A aposta valeu a pena: o Ibovespa subiu mais de 5,5% na segunda-feira seguinte à votação, seu melhor pregão desde abril de 2020. A gestora espera repetir o sucesso após o segundo turno em 30 de outubro, dizendo que há espaço para mais ganhos, já que a disputa entre o ex-presidente Luiz Inácio Lula da Silva e o atual presidente Jair Bolsonaro continuará acirrada.

“Foi um pouco de competência e um pouco de sorte”, disse Marcio Fontes, gestor do multimercado macro Asa Hedge e responsável pela estratégia do principal fundo da casa, em entrevista, sobre sua decisão de investimento. “Seja qual for o resultado das eleições, acho que os investidores estão muito negativos com as ações do Brasil.”

O mercado aposta que a vantagem de Lula no primeiro turno pode pressioná-lo a caminhar para o centro antes do segundo turno e priorizar políticas favoráveis ​​ao mercado. Enquanto isso, o desempenho melhor do que o esperado de Bolsonaro sugere que ele ainda tem chance de ser reeleito.

Operadores também deram boas-vindas à eleição de muitos candidatos apoiados pelo presidente para o Senado, a Câmara dos Deputados e os governos estaduais. Para Fontes, isso significa que a agenda econômica liberal permanecerá viva, não importa quem vença a presidência.

O fundo Asa Hedge FIM, que tem R$ 1,4 bilhão em ativos sob gestão, teve um retorno de 36,5% descontadas taxas de performance e administração este ano, e superou 99% de seus pares, segundo dados compilados pela Bloomberg. Entre suas principais participações locais estão ações da Petrobras, que subiram 8% na segunda-feira. Fontes diz que os papéis da companhia continuam baratos, assim como o Ibovespa no geral.

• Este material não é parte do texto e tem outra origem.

Lemma minimizing_sequence_cauchy (d : R) (u : nat -> X) :
  (forall x, V x -> d <= energy x) ->
  (forall k, V (u k) /\ energy (u k) < d + / (INR k + 1)) ->
  forall e, 0 < e -> exists N, forall m n, (N <= m)%nat -> (N <= n)%nat ->
    hnorm (hsub (u m) (u n)) < e.
Proof.
  intros Hd Hu e He.
  destruct (archimed_cor1 (c * (e * e) / 4)) as [N [HN1 HN2]].
  { apply Rmult_lt_0_compat; [apply Rmult_lt_0_compat; nra | lra]. }
  exists N. intros j k Hj Hk.
  apply hnorm_lt_of_sqr; [lra|].
  pose proof (energy_midpoint (u j) (u k)) as Hmid.
  pose proof (Hd _ (V_scal (/ 2) _ (V_add _ _ (proj1 (Hu j)) (proj1 (Hu k))))).
  pose proof (proj2 (Hu j)). pose proof (proj2 (Hu k)).
  assert (INR N <= INR j) by (apply le_INR; auto).
  assert (INR N <= INR k) by (apply le_INR; auto).
  assert (0 < INR N) by (apply lt_0_INR; auto).
  assert (/ (INR j + 1) < / INR N) by (apply Rinv_lt_contravar; nra).
  assert (/ (INR k + 1) < / INR N) by (apply Rinv_lt_contravar; nra).
  apply (Rmult_lt_reg_l (c / 2)); lra.
Qed.

Lemma energy_min_exists : exists x, V x /\ forall y, V y -> energy x <= energy y.
Proof.
  destruct energy_inf_exists as [d [Hd1 Hd2]].
  set (u := fun k : nat => epsilon (inhabits (hzero X))
                 (fun x => V x /\ energy x < d + / (INR k + 1))).
  assert (Hu : forall k, V (u k) /\ energy (u k) < d + / (INR k + 1)).
  { intro k. apply epsilon_spec, Hd2.
    apply Rinv_0_lt_compat. pose proof (pos_INR k). lra. }
  destruct (hcomplete X u (minimizing_sequence_cauchy d u Hd1 Hu)) as [x Hx].
  assert (Vx : V x) by (apply (V_closed u x); [intro k; apply Hu | exact Hx]).
  exists x. split; auto. intros y Vy. apply Rle_trans with d; auto.
  apply Rnot_lt_le. intro Hlt. set (eta := energy x - d).
  destruct (energy_continuous x (eta / 2)) as [rho [Hrho Hc]]; [unfold eta; lra|].
  destruct (Hx rho Hrho) as [N1 HN1].
  destruct (archimed_cor1 (eta / 2)) as [N2 [HN2 HN2']]; [unfold eta; lra|].
  set (k := max N1 N2).
  pose proof (Hc (u k) (HN1 k (Nat.le_max_l N1 N2))) as H4. apply Rabs_def2 in H4.
  pose proof (proj2 (Hu k)).
  assert (INR N2 <= INR k) by (apply le_INR, Nat.le_max_r).
  assert (0 < INR N2) by (apply lt_0_INR; auto).
  assert (/ (INR k + 1) < / INR N2) by (apply Rinv_lt_contravar; nra).
  unfold eta in *. lra.
Qed.

Lemma energy_min_euler x : V x -> (forall y, V y -> energy x <= energy y) ->
  forall z, V z -> hinner X (A x) z = hinner X b z.
Proof.
  intros Vx Hmin z Vz.
  enough (hinner X (A x) z - hinner X b z = 0) by lra.
  apply (quadratic_nonneg_linear_coef_eq0 (hinner X (A z) z)).
  { pose proof (A_coercive z). pose proof (hinner_nonneg X z). nra. }
  intro t. pose proof (Hmin _ (V_add _ _ Vx (V_scal t _ Vz))) as H.
  unfold energy in H. destruct A_linear as [HD HZ]. rewrite HD, HZ in H.
  inner_simpl_in H. rewrite (self_adjoint_swap X A A_sym z x) in H. lra.
Qed.

Theorem variational_solution_exists :
  exists x, V x /\ forall z, V z -> hinner X (A x) z = hinner X b z.
Proof.
  destruct energy_min_exists as [x [Vx Hx]].
  exists x. split; auto. apply energy_min_euler; auto.
Qed.
Lemma steer_principal_angle (R : realType) N (th : R) : 0 <= th < 2 * pi ->
  exists2 phi, - pi <= phi < pi & steer N phi = steer N th.
Proof.
case/andP=> th_ge0 th_lt; have pi_gt0 : 0 < pi :> R := pi_gt0 R.
have [th_ltpi|th_gepi] := ltrP th pi.
  by exists th => //; apply/andP; split; lra.
exists (th - 2 * pi); first by apply/andP; split; lra.
apply/matrixP => a j; rewrite !mxE; congr (expj (_ * _)).
by rewrite -(sinD2pi (th - 2 * pi)) mulr_natl subrK.
Qed.

Theorem lemma3 (R : realType) (N : nat) (k : 'I_N) (pt sigma2 : R)
    (alpha : R[i]) (thk : R) :
  (2 <= N)%N -> 0 < pt -> 0 < sigma2 -> alpha != 0 ->
  0 <= thk < 2 * pi ->
  let hk : 'cV[R[i]]_N := alpha *: steer N thk in
  let gam (phi : R) : R := sinr k pt sigma2 (alpha *: steer N phi) hk in
  (exists phi : R, - pi <= phi < pi /\
      (forall psi : R, - pi <= psi < pi -> gam psi <= gam phi)) /\
  (forall phis : R, - pi <= phis < pi ->
      (forall psi : R, - pi <= psi < pi -> gam psi <= gam phis) ->
      steer N phis = steer N thk).
Proof.
move=> N_ge2 pt_gt0 sigma2_gt0 alpha_neq0 thk_range hk gam.
have N_gt0 : (0 < N)%N by exact: leq_trans N_ge2.
have [phi0 phi0_range steer_phi0] := steer_principal_angle N thk_range.
have gam_phi0 : gam phi0 = sinr k pt sigma2 hk hk by rewrite /gam steer_phi0.
have gam_le psi : gam psi <= gam phi0.
  rewrite gam_phi0 /gam /hk.
  exact: (sinr_los_le_aligned k N_gt0 pt_gt0 sigma2_gt0 alpha_neq0).
split; first by exists phi0; split=> // psi _; apply: gam_le.
move=> phis _ phis_max.
apply: (sinr_los_max_steer (k := k) N_gt0 pt_gt0 sigma2_gt0 alpha_neq0).
by move: (phis_max phi0 phi0_range); rewrite gam_phi0 /gam /hk.
Qed.
(* Let $C\subset\mathbb{R}^d$ be a convex body and let $\Lambda\subset\mathbb{R}^d$ be a $d$-dimensional lattice. The following are equivalent: (1) $C$ is lattice reduced with respect to $\Lambda$; (2) for every exposed point $p$ of $C$ there exists a width direction $y\in\Lambda^\star$ of $C$ such that $y\cdot p>y\cdot x$ for all $x\in C\setminus\{p\}$.
   Context: A convex body is a compact convex set with non-empty interior. An exposed point of $C$ is a point $p$ such that $C\cap H=\{p\}$ for some supporting hyperplane $H$ of $C$. A lattice $\Lambda\subset\mathbb{R}^d$ is a discrete subgroup spanning $\mathbb{R}^d$; $\Lambda^\star=\{y: x\cdot y\in\mathbb{Z}\ \forall x\in\Lambda\}$. The lattice width is $\mathrm{wdt}_\Lambda(C)=\min_{y\in\Lambda^\star\setminus\{0\}}\max_{a,b\in C}y\cdot(a-b)$; a width direction is a $y\in\Lambda^\star\setminus\{0\}$ attaining this minimum. $C$ is lattice reduced if no convex body $C'\subsetneq C$ has $\mathrm{wdt}_\Lambda(C')=\mathrm{wdt}_\Lambda(C)$. *)

From HB Require Import structures.
From mathcomp Require Import all_boot all_order all_algebra.
From mathcomp Require Import all_classical all_reals all_analysis.
Set Implicit Arguments. Unset Strict Implicit. Unset Printing Implicit Defensive.
Import Order.TTheory GRing.Theory Num.Theory.
Import numFieldNormedType.Exports.
Local Open Scope classical_set_scope.
Local Open Scope ring_scope.

Section Defs.
Variables (R : realType) (d : nat).
Notation V := 'rV[R]_d.

Definition dot (x y : V) : R := \sum_(i < d) x ord0 i * y ord0 i.

Definition convex_set (C : set V) : Prop :=
  forall x y t, C x -> C y -> 0 <= t <= 1 -> C (t *: x + (1 - t) *: y).

Definition convex_body (C : set V) : Prop :=
  [/\ convex_set C, compact C & exists x, interior C x].

Definition is_lattice (L : set V) : Prop :=
  [/\ L 0, (forall x y, L x -> L y -> L (x - y)),
      (forall x, L x -> exists2 e : R, 0 < e &
           forall y, L y -> `|y - x| < e -> y = x) &
      (forall v : V, exists n (c : 'I_n -> R) (w : 'I_n -> V),
           (forall i, L (w i)) /\ v = \sum_(i < n) c i *: w i)].

Definition dual_lattice (L : set V) : set V :=
  [set y | forall x, L x -> exists z : int, dot x y = z%:~R].

Definition width_dir (C : set V) (y : V) : R :=
  sup [set dot y (a - b) | a in C & b in C].

Definition lattice_width (L C : set V) : R :=
  inf [set width_dir C y | y in [set y | dual_lattice L y /\ y != 0]].

Definition width_direction (L C : set V) (y : V) : Prop :=
  [/\ dual_lattice L y, y != 0 & width_dir C y = lattice_width L C].

Definition lattice_reduced (L C : set V) : Prop :=
  forall C' : set V, convex_body C' -> C' `<` C ->
    lattice_width L C' <> lattice_width L C.

Definition supporting_hyperplane (C : set V) (u : V) (c : R) : Prop :=
  [/\ u != 0, (forall x, C x -> dot u x <= c) & exists x, C x /\ dot u x = c].

Definition exposed_point (C : set V) (p : V) : Prop :=
  exists u c, supporting_hyperplane C u c /\
    C `&` [set x | dot u x = c] = [set p].
Definition muPr (V : finType) (Phi : {set clause V}) (E : pred (assignment V)) : R :=
  (INR #|[set x : assignment V | sat_formula Phi x && E x]|
   / INR #|[set x : assignment V | sat_formula Phi x]|)%R.

(* Pin the variables of vbl cstar one at a time to the values of the forbidden
   assignment of cstar, starting with a variable v1 on which c' and cstar disagree;
   the probability to bound is the ratio of the final to the initial number of
   solutions. Once v1 is pinned every remaining assignment satisfies c', so
   each clause keeps at least k - s unpinned variables (it shares at most s
   with vbl c' = vbl cstar) and is violated with relative frequency at most
   2^-(k-s). This is the condition of the symmetric local lemma with weight
   x = 1/(kd+1), and its counting form relative to the pinned assignments
   shows that the next variable w, which lies in at most d clauses, takes the
   unwanted value on at most a fraction (1-x)^-d / 2 <= e^(1/k) / 2 of the
   solutions. So each of the k steps keeps a fraction 1 - e^(1/k)/2, and the
   local lemma also makes the initial count positive. *)

From mathcomp Require Import all_boot.
From Stdlib Require Import Reals Lra.
(* Reals redeclares the nat arithmetic notations; restore ssrnat's. *)
Import ssrnat.
Set Implicit Arguments. Unset Strict Implicit. Unset Printing Implicit Defensive.

Section Assignments.
Variable V : finType.
Implicit Types (W P : {set V}) (c : clause V) (T : {set clause V}).
Implicit Types (x y tau : assignment V) (H : {set assignment V}).

Definition agree_off W x y := forall v, v \notin W -> x v = y v.

Definition invariant_off W H := forall x y, agree_off W x y -> (x \in H) = (y \in H).

Definition forbidden c : assignment V := [ffun v => odflt false (c v)].

(* Overwriting the coordinates in W injects the assignments of H equal to tau
   on W, paired with all 2 ^ #|W| patterns on W, into H. *)
Lemma card_agree_on_mul_exp2 W tau H : invariant_off W H ->
  #|[set x in H | [forall w in W, x w == tau w]]| * 2 ^ #|W| <= #|H|.
Proof.
move=> invH; set E := [set x in H | _].
set Y := [set y : assignment V in pffun_on false W predT].
have cardY : #|Y| = 2 ^ #|W|.
  by rewrite cardsE card_pffun_on (@eq_card _ _ {: bool}) ?card_bool.
pose f (xy : assignment V * assignment V) : assignment V :=
  [ffun v => if v \in W then xy.2 v else xy.1 v].
rewrite -cardY -cardsX -(card_in_imset (f := f)).
  apply: subset_leq_card; apply/subsetP => _ /imsetP [[x y] /setXP [xE _] ->].
  move: xE; rewrite inE => /andP [xH _]; rewrite -(invH x) //.
  by move=> v vW; rewrite ffunE /= (negbTE vW).
have offW (y : assignment V) v : y \in Y -> v \notin W -> y v = false.
  rewrite inE => /pffun_onP [/subsetP yW _] vW.
  by apply/eqP/negPn/negP => /yW; rewrite (negbTE vW).
move=> [x y] [x' y'] /setXP [xE yY] /setXP [x'E y'Y] eqf.
move: xE x'E; rewrite !inE => /andP [_ /forall_inP xtau] /andP [_ /forall_inP x'tau].
congr pair; apply/ffunP => v; have := congr1 (fun g : assignment V => g v) eqf;
  rewrite /f !ffunE /=; case: ifPn => vW // _.
- by rewrite (eqP (xtau v vW)) (eqP (x'tau v vW)).
- by rewrite !offW.
Qed.

Lemma forbidden_vbl c v : v \in vbl c -> c v = Some (forbidden c v).
Proof. by rewrite inE ffunE; case: (c v). Qed.

Lemma agrees_forbiddenE c x :
  agrees_forbidden c x = [forall v in vbl c, x v == forbidden c v].
Proof.
apply/forallP/forall_inP => agr v; have := agr v; rewrite ?inE ffunE;
  by case: (c v) => //= b; by [move=> -> | apply].
Qed.

Lemma card_agrees_forbidden_mul_exp2 c W H : W \subset vbl c -> invariant_off W H ->
  #|[set x in H | agrees_forbidden c x]| * 2 ^ #|W| <= #|H|.
Proof.
move=> /subsetP sWc invH; apply: leq_trans (card_agree_on_mul_exp2 (forbidden c) invH).
rewrite leq_mul2r; apply/orP; right; apply/subset_leq_card/subsetP => x.
rewrite !inE agrees_forbiddenE => /andP [-> /forall_inP agr].
by apply/forall_inP => w /sWc /agr.
Qed.

Lemma agrees_forbidden_off W c x y : [disjoint vbl c & W] -> agree_off W x y ->
  agrees_forbidden c x = agrees_forbidden c y.
Proof.
move=> dis xy; rewrite !agrees_forbiddenE; apply: eq_forallb_in => v vc.
by rewrite xy // (disjointFr dis).
Qed.

Lemma sat_formula_off W T x y : {in T, forall c, [disjoint vbl c & W]} ->
  agree_off W x y -> sat_formula T x = sat_formula T y.
Proof.
move=> dis xy; apply: eq_forallb_in => c cT.
by rewrite /sat_clause (agrees_forbidden_off (dis c cT) xy).
Qed.

Lemma sat_formulaU1 c T x : sat_formula (c |: T) x = sat_clause c x && sat_formula T x.
Proof.
apply/forall_inP/andP => [satx | [satc /forall_inP satT] c'].
  by split; [|apply/forall_inP => c' c'T]; apply: satx; rewrite !inE ?eqxx ?c'T ?orbT.
by case/setU1P => [-> | /satT].
Qed.

Lemma sat_formulaS T T' x : T \subset T' -> sat_formula T' x -> sat_formula T x.
Proof. by move=> /subsetP sTT' /forall_inP satx; apply/forall_inP => c /sTT' /satx. Qed.

Definition pinned tau P := [set x : assignment V | [forall v in P, x v == tau v]].

Lemma pinnedU1 tau w P x :
  (x \in pinned tau (w |: P)) = (x w == tau w) && (x \in pinned tau P).
Proof.
rewrite !inE; apply/forall_inP/andP => [pin | [xw /forall_inP pin] v].
  by split; [|apply/forall_inP => v vP]; apply: pin; rewrite !inE ?eqxx ?vP ?orbT.
by case/setU1P => [-> | /pin].
Qed.

Lemma invariant_offS W W' H : W \subset W' -> invariant_off W' H -> invariant_off W H.
Proof.
move=> /subsetP sWW' invH x y xy; apply: invH => v vW'.
by apply: xy; apply: contra vW'; apply: sWW'.
Qed.

Lemma invariant_offI W G H :
  invariant_off W G -> invariant_off W H -> invariant_off W (G :&: H).
Proof. by move=> invG invH x y xy; rewrite !inE (invG x y xy) (invH x y xy). Qed.

Lemma invariant_off_pinned W tau P : [disjoint P & W] -> invariant_off W (pinned tau P).
Proof.
move=> dis x y xy; rewrite !inE; apply: eq_forallb_in => v vP.
by rewrite xy // (disjointFr dis).
Qed.

End Assignments.

Lemma card_clauses_meeting_le (V : finType) (Phi : {set clause V}) d (S : {set V}) :
  (forall v, #|[set c in Phi | v \in vbl c]| <= d) ->
  #|[set c in Phi | ~~ [disjoint S & vbl c]]| <= #|S| * d.
Proof.
move=> deg.
have -> : [set c in Phi | ~~ [disjoint S & vbl c]] =
          \bigcup_(v in S) [set c in Phi | v \in vbl c].
  apply/setP => c; rewrite inE -setI_eq0; apply/andP/bigcupP.
    by case=> cPhi /set0Pn [v /setIP [vS vc]]; exists v => //; apply/setIdP.
  by case=> v vS /setIdP [cPhi vc]; split => //; apply/set0Pn; exists v; apply/setIP.
rewrite -sum_nat_const.
apply: (@leq_trans (\sum_(v in S) #|[set c in Phi | v \in vbl c]|)); last exact: leq_sum.
elim/big_rec2: _ => [|v n A _ An]; first by rewrite cards0.
exact: leq_trans (leq_card_setU _ A).1 (leq_add (leqnn _) An).
Qed.

Lemma pow_le_decr (y : R) m n : (0 <= y <= 1)%R -> m <= n -> (y ^ n <= y ^ m)%R.
Proof.
move=> y01 /subnKC <-; rewrite pow_add.
have : (y ^ (n - m) <= 1 ^ (n - m))%R by apply: pow_incr.
have : (0 <= y ^ m)%R by apply: pow_le; lra.
rewrite pow1; nra.
Qed.

Lemma one_add_pow_le_exp (y : R) n : (0 <= y)%R -> ((1 + y) ^ n <= exp (INR n * y))%R.
Proof.
move=> y0; elim: n => [|n IH]; first by rewrite /= Rmult_0_l exp_0; lra.
rewrite S_INR Rmult_plus_distr_r Rmult_1_l exp_plus /= Rmult_comm.
apply: Rmult_le_compat => //; [by apply: pow_le; lra | lra | exact: exp_ineq1_le].
Qed.

Lemma INR_expn m n : INR (m ^ n) = (INR m ^ n)%R.
Proof. by elim: n => [|n IH]; rewrite ?expnS ?mult_INR ?IH. Qed.

Lemma INR_le_inv_pow2 a b m n : a * 2 ^ m <= b -> n <= m ->
  (INR a <= / 2 ^ n * INR b)%R.
Proof.
move=> /leP/le_INR; rewrite mult_INR INR_expn => amb /leP nm.
have pow_n_gt0 : (0 < 2 ^ n)%R by apply: pow_lt; lra.
have anb : (INR a * 2 ^ n <= INR b)%R.
  apply: Rle_trans amb; apply: Rmult_le_compat_l; first exact: pos_INR.
  by apply: Rle_pow; [lra | exact: nm].
apply: (Rmult_le_reg_r (2 ^ n)) => //.
by rewrite (Rmult_comm (/ _)) Rmult_assoc Rinv_l ?Rmult_1_r //; lra.
Qed.

Definition sols (V : finType) (F : {set assignment V}) (T : {set clause V}) :=
  [set x in F | sat_formula T x].

Lemma in_sols (V : finType) (F : {set assignment V}) T x :
  (x \in sols F T) = (x \in F) && sat_formula T x.
Proof. by rewrite inE. Qed.

Section CountingLLL.
Variables (V : finType) (F : {set assignment V}) (C : {set clause V}).
Variables (p x : R) (Delta : nat).
Implicit Types (c : clause V) (T : {set clause V}).

Local Notation bad c T := [set z in sols F T | agrees_forbidden c z].

Hypothesis clause_prob : forall c (G : {set assignment V}),
  c \in C -> invariant_off (vbl c) G ->
  (INR #|[set z in G :&: F | agrees_forbidden c z]| <= p * INR #|G :&: F|)%R.
Hypothesis dependency_deg : forall c,
  c \in C -> #|[set c' in C | ~~ [disjoint vbl c & vbl c']]| <= Delta.
Hypothesis x01 : (0 <= x < 1)%R.
Hypothesis p_le : (p <= x * (1 - x) ^ Delta)%R.

Lemma card_sols_setU1 c T : #|sols F T| = #|sols F (c |: T)| + #|bad c T|.
Proof.
rewrite -(cardsID [set z | agrees_forbidden c z] (sols F T)) addnC.
by congr (_ + _); apply: eq_card => z; rewrite !inE ?sat_formulaU1 /sat_clause;
  case: (z \in F); case: (agrees_forbidden c z); case: (sat_formula T z).
Qed.

Lemma sols_setU1_ge c T : (INR #|bad c T| <= x * INR #|sols F T|)%R ->
  ((1 - x) * INR #|sols F T| <= INR #|sols F (c |: T)|)%R.
Proof. by rewrite (card_sols_setU1 c T) plus_INR; nra. Qed.
(* Let $\beta>0$, $\lambda_1,\dots,\lambda_d\in\mathbb R$, and let $p=(p_1,\dots,p_d)$, with $p_k\ge0$ and $\sum_kp_k=1$, solve \[ \dot p_k=2p_k\tanh(\beta M)(\lambda_k-M),\qquad M=\sum_{l=1}^d\lambda_lp_l. \] Let $I_0:=\{k:p_k(0)>0\}$, $\lambda_+:=\max_{k\in I_0}\lambda_k$, $\lambda_-:=\min_{k\in I_0}\lambda_k$, $I_\pm:=\{k\in I_0:\lambda_k=\lambda_\pm\}$. Then: (1) If $M(0)>0$, then $p_k(t)\to0$ for $k\notin I_+$, $p_k(t)\to p_k(0)/\sum_{j\in I_+}p_j(0)$ for $k\in I_+$, and $M(t)\to\lambda_+$. (2) If $M(0)<0$, then $p_k(t)\to0$ for $k\notin I_-$, $p_k(t)\to p_k(0)/\sum_{j\in I_-}p_j(0)$ for $k\in I_-$, and $M(t)\to\lambda_-$. (3) If $M(0)=0$, then $p_k(t)\equiv p_k(0)$ for all $t\ge0$ and $k\in[d]$.
   Context: This is the reduced dynamics on the balanced bipolar manifold of the symmetric self-attention system with symmetric interaction matrix having eigenvalues $\lambda_k$; limits are as $t\to\infty$. *)

From HB Require Import structures.
From mathcomp Require Import all_boot all_order all_algebra.
From mathcomp Require Import all_classical all_reals all_analysis.
Set Implicit Arguments. Unset Strict Implicit. Unset Printing Implicit Defensive.
Import Order.TTheory GRing.Theory Num.Theory.
Import numFieldNormedType.Exports.
Local Open Scope ring_scope.

Definition tanh {R : realType} (x : R) : R :=
  (expR x - expR (- x)) / (expR x + expR (- x)).

Definition magn {R : realType} {d : nat} (lam : 'I_d -> R) (q : 'I_d -> R) : R :=
  \sum_(l < d) lam l * q l.

Definition I0 {R : realType} {d : nat} (q : 'I_d -> R) : {set 'I_d} :=
  [set k : 'I_d | 0 < q k].

(* lambda_+ = max_{k in I_0} lambda_k, lambda_- = min_{k in I_0} lambda_k
   (max/min of a finite set of reals, written as sup/inf of the image set) *)
Definition lam_plus {R : realType} {d : nat} (lam : 'I_d -> R) (q : 'I_d -> R) : R :=
  sup (lam @` [set k : 'I_d | k \in I0 q])%classic.
Definition lam_minus {R : realType} {d : nat} (lam : 'I_d -> R) (q : 'I_d -> R) : R :=
  inf (lam @` [set k : 'I_d | k \in I0 q])%classic.

Definition Iplus {R : realType} {d : nat} (lam : 'I_d -> R) (q : 'I_d -> R) : {set 'I_d} :=
  [set k in I0 q | lam k == lam_plus lam q].
Definition Iminus {R : realType} {d : nat} (lam : 'I_d -> R) (q : 'I_d -> R) : {set 'I_d} :=
  [set k in I0 q | lam k == lam_minus lam q].

From HB Require Import structures.
From mathcomp Require Import all_boot all_order all_algebra.
From mathcomp Require Import all_classical all_reals all_analysis.
From mathcomp Require Import ring lra.
Import Order.TTheory GRing.Theory Num.Theory.
Import numFieldNormedType.Exports.
Local Open Scope classical_set_scope.
Local Open Scope ring_scope.

Set Implicit Arguments. Unset Strict Implicit. Unset Printing Implicit Defensive.

(* Along the flow, [p_k' = r_k p_k] with rate [r_k = 2 tanh(beta M) (lam_k - M)], and
   [M' = 2 tanh(beta M) Var_p(lam)], so [(M^2)' = 4 M tanh(beta M) Var_p(lam) >= 0].  If
   [M(0) = 0], a Gronwall bound [(M^2)' <= C M^2] keeps [M = 0], all rates vanish and [p] is
   constant.  If [M(0) > 0], [M] never crosses 0, so [M >= M(0)] and
   [tanh(beta M) >= tanh(beta M(0)) > 0].  The ratio [p_k / p_j] has logarithmic derivative
   [2 tanh(beta M) (lam_k - lam_j)]: it is constant when [lam_k = lam_j] and decays
   exponentially when [lam_k < lam_j].  Comparing with some [j] in [I_+] kills every [k] outside
   [I_+], and the total mass 1 ends up shared within [I_+] in the initial proportions.  The case
   [M(0) < 0] is the case [M(0) > 0] for [- lam]. *)

Section Tanh.
Context {R : realType}.
Implicit Types x y : R.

O desempenho melhor do que o dos pares do principal fundo da Asa este ano vem de posições tomadas - que se beneficiam de um aumento dos rendimentos - nos Treasuries americanos e uma aposta vendida - que ganha com a queda - em bolsa americana desde o início do ano, embora o Asa Hedge tenha reduzido essas apostas recentemente. O S&P 500 caiu mais de 20% em 2022, enquanto os rendimentos dos EUA subiram para máximas multianuais no mês passado por temores sobre a postura hawkish do Federal Reserve.

A Asa Investments tem cerca de R$ 2,4 bilhões sob gestão e foi fundada em 2019 por Alberto Safra, filho de Joseph Safra, que faleceu em 2020 e foi um dos banqueiros mais ricos do mundo.

No Brasil, o principal fundo da Asa tem exposição apenas a ações. Fontes está longe do real, que ele considera caro no momento, e também dos juros futuros, que já caíram demais, na avaliação dele. A curva de juros futuros precifica cerca de 300 pontos-base em cortes no próximo ano e a gestora de recursos diz que isso é exagerado, pois a inflação permanece acima da meta e o governo deve impulsionar ainda mais a economia no próximo ano com mais gastos sociais.

“Ainda acho que há alguma lição de casa a fazer até que tenha convergência da inflação”, disse ele. “Os mercados estão muito otimistas.”